-- EXERCISE --
Nothing outside the range is wanted. Repeat exactly the lines below from the one with "(forall w, in_span" through the one with "have [VsubE span_Vsub_eq0]".

(Items from a data source)

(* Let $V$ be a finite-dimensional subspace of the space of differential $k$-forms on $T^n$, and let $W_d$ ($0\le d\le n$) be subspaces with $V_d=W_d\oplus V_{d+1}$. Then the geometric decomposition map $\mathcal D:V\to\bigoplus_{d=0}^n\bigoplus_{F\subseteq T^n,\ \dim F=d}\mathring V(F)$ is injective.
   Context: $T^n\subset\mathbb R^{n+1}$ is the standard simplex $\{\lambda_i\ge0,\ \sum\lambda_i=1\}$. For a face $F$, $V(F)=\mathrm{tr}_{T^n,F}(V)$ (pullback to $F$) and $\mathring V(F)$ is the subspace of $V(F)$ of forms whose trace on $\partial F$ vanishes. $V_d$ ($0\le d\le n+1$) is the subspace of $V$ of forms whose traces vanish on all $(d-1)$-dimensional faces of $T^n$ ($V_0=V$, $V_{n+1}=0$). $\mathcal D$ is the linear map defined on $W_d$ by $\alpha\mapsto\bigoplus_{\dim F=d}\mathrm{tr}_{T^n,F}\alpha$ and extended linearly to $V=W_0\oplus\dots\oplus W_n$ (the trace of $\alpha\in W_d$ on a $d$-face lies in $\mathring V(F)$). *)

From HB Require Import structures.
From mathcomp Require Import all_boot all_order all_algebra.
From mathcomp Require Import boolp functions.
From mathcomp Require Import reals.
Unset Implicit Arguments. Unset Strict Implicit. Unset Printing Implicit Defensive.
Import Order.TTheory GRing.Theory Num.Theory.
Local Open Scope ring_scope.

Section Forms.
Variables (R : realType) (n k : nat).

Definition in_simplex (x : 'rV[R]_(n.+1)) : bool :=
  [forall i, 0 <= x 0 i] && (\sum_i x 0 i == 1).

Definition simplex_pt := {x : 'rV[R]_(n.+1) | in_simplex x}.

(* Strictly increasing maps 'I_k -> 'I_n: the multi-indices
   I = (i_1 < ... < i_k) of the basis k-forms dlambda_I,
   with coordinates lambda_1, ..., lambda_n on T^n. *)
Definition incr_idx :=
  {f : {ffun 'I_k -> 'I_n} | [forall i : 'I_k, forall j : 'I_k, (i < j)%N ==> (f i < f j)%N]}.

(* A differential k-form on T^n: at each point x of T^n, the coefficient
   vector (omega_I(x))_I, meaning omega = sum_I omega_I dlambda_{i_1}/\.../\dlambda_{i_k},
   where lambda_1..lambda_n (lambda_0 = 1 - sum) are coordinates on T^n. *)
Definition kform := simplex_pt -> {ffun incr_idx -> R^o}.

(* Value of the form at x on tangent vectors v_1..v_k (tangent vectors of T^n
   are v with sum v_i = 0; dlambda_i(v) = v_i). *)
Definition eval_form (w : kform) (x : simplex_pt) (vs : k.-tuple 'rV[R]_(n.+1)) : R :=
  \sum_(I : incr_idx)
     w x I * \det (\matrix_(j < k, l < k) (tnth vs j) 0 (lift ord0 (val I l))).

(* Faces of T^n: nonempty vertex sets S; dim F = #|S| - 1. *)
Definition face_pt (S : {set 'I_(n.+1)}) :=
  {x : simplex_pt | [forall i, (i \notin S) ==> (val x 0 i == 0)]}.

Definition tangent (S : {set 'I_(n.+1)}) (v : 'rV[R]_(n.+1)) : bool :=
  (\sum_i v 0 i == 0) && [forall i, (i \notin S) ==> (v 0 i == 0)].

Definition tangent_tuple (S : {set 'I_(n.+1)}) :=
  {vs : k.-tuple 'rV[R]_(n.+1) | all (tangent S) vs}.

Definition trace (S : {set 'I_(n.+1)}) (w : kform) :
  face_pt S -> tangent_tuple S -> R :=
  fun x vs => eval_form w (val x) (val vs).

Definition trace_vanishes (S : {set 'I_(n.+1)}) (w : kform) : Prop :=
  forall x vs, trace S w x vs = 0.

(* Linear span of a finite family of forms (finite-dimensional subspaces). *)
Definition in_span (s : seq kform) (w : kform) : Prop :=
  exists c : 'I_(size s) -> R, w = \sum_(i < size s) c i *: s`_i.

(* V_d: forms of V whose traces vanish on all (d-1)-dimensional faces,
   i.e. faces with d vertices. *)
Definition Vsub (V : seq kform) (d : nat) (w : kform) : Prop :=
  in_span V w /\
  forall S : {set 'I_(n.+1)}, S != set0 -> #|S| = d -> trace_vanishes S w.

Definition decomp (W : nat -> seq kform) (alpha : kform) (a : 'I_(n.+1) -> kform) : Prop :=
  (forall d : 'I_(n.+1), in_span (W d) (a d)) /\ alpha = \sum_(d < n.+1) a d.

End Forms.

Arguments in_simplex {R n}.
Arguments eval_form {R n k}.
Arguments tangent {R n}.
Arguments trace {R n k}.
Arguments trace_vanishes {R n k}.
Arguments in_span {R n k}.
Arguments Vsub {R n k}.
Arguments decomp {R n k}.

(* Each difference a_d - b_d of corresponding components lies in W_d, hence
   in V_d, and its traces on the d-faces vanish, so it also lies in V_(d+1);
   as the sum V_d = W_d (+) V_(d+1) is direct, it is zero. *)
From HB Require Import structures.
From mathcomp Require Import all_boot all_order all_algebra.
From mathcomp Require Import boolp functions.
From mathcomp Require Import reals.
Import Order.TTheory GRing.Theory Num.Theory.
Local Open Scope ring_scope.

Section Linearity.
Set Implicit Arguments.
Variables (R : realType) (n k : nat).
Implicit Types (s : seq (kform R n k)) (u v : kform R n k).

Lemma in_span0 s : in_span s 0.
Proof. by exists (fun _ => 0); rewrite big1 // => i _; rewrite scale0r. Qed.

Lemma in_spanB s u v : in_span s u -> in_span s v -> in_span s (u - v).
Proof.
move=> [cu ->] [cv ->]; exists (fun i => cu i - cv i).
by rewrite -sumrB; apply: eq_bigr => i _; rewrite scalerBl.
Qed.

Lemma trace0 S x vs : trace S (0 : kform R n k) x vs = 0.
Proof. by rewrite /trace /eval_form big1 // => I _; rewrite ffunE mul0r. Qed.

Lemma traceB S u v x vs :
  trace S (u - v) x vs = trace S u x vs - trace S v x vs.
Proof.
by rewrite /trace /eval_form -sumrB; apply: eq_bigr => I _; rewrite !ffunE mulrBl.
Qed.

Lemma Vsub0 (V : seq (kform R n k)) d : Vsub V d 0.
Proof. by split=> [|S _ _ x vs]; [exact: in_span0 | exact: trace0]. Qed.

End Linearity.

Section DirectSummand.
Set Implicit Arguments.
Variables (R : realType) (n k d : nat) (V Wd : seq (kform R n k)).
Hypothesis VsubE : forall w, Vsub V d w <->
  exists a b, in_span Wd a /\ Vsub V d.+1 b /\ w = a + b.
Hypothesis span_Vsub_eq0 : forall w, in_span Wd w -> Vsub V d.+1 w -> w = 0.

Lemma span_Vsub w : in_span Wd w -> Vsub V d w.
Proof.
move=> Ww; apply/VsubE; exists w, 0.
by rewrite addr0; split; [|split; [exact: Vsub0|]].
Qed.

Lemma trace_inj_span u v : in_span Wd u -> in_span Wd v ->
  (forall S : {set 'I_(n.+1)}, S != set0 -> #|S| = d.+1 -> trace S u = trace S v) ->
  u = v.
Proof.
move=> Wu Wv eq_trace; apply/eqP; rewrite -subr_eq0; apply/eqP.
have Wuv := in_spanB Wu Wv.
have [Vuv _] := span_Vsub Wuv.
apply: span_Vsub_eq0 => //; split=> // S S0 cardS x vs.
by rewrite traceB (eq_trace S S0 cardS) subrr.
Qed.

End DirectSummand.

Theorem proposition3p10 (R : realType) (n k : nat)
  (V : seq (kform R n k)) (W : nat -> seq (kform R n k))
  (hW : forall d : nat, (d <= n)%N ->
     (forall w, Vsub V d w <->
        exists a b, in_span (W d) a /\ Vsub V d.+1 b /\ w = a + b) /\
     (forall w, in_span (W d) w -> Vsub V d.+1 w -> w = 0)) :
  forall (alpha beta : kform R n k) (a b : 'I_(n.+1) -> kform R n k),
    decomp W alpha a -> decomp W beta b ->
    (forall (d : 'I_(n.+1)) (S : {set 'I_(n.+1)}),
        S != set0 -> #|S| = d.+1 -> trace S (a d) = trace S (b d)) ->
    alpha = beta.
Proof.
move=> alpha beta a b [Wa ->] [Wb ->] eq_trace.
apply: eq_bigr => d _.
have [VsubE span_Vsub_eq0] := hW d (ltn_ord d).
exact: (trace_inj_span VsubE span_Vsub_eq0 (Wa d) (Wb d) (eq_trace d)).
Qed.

--

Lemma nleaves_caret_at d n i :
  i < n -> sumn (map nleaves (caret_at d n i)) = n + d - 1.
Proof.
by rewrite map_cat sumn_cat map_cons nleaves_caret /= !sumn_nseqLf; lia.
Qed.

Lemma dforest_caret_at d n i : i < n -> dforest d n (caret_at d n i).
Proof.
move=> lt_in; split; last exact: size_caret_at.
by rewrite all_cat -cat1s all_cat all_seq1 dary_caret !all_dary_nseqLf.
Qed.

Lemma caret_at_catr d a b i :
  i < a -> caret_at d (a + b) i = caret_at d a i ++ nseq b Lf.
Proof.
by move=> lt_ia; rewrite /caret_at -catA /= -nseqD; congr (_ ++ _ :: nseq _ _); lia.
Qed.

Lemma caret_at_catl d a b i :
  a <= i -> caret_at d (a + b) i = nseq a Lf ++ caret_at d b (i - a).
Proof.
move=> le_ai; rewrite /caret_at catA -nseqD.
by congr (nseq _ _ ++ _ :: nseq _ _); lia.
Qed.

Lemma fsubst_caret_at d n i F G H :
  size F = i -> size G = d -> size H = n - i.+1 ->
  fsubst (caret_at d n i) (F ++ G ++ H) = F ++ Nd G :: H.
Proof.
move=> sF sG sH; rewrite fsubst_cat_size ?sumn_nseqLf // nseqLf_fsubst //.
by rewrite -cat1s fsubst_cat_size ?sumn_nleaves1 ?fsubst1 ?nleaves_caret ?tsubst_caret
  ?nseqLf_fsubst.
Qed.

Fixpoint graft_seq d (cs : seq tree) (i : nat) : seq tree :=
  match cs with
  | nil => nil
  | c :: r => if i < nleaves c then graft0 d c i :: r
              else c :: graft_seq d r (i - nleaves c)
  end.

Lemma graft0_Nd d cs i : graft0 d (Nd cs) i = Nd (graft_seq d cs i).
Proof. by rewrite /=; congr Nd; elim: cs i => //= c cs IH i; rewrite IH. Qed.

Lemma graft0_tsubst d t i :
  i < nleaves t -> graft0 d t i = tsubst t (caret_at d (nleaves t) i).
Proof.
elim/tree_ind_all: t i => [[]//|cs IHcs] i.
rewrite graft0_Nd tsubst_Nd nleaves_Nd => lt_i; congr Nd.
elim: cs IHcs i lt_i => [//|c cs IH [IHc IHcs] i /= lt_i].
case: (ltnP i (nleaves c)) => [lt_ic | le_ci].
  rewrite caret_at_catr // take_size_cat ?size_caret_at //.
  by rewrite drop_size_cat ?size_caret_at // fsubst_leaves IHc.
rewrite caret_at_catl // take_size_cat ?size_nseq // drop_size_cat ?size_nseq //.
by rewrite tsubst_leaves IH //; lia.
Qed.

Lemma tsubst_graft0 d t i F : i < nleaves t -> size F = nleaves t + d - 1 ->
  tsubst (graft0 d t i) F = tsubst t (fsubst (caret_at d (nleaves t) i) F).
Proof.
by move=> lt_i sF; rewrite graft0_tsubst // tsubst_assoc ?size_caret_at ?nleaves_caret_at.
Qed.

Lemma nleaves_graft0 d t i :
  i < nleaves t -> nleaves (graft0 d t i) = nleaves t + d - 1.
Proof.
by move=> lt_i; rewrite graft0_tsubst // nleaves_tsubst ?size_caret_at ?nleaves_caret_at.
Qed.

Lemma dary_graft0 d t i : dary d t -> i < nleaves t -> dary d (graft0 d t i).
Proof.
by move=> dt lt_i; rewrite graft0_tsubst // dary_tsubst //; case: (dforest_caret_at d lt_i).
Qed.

-- RESULT OF THIS TASK --
     (forall w, in_span (W d) w -> Vsub V d.+1 w -> w = 0)) :
  forall (alpha beta : kform R n k) (a b : 'I_(n.+1) -> kform R n k),
    decomp W alpha a -> decomp W beta b ->
    (forall (d : 'I_(n.+1)) (S : {set 'I_(n.+1)}),
        S != set0 -> #|S| = d.+1 -> trace S (a d) = trace S (b d)) ->
    alpha = beta.
Proof.
move=> alpha beta a b [Wa ->] [Wb ->] eq_trace.
apply: eq_bigr => d _.
have [VsubE span_Vsub_eq0] := hW d (ltn_ord d).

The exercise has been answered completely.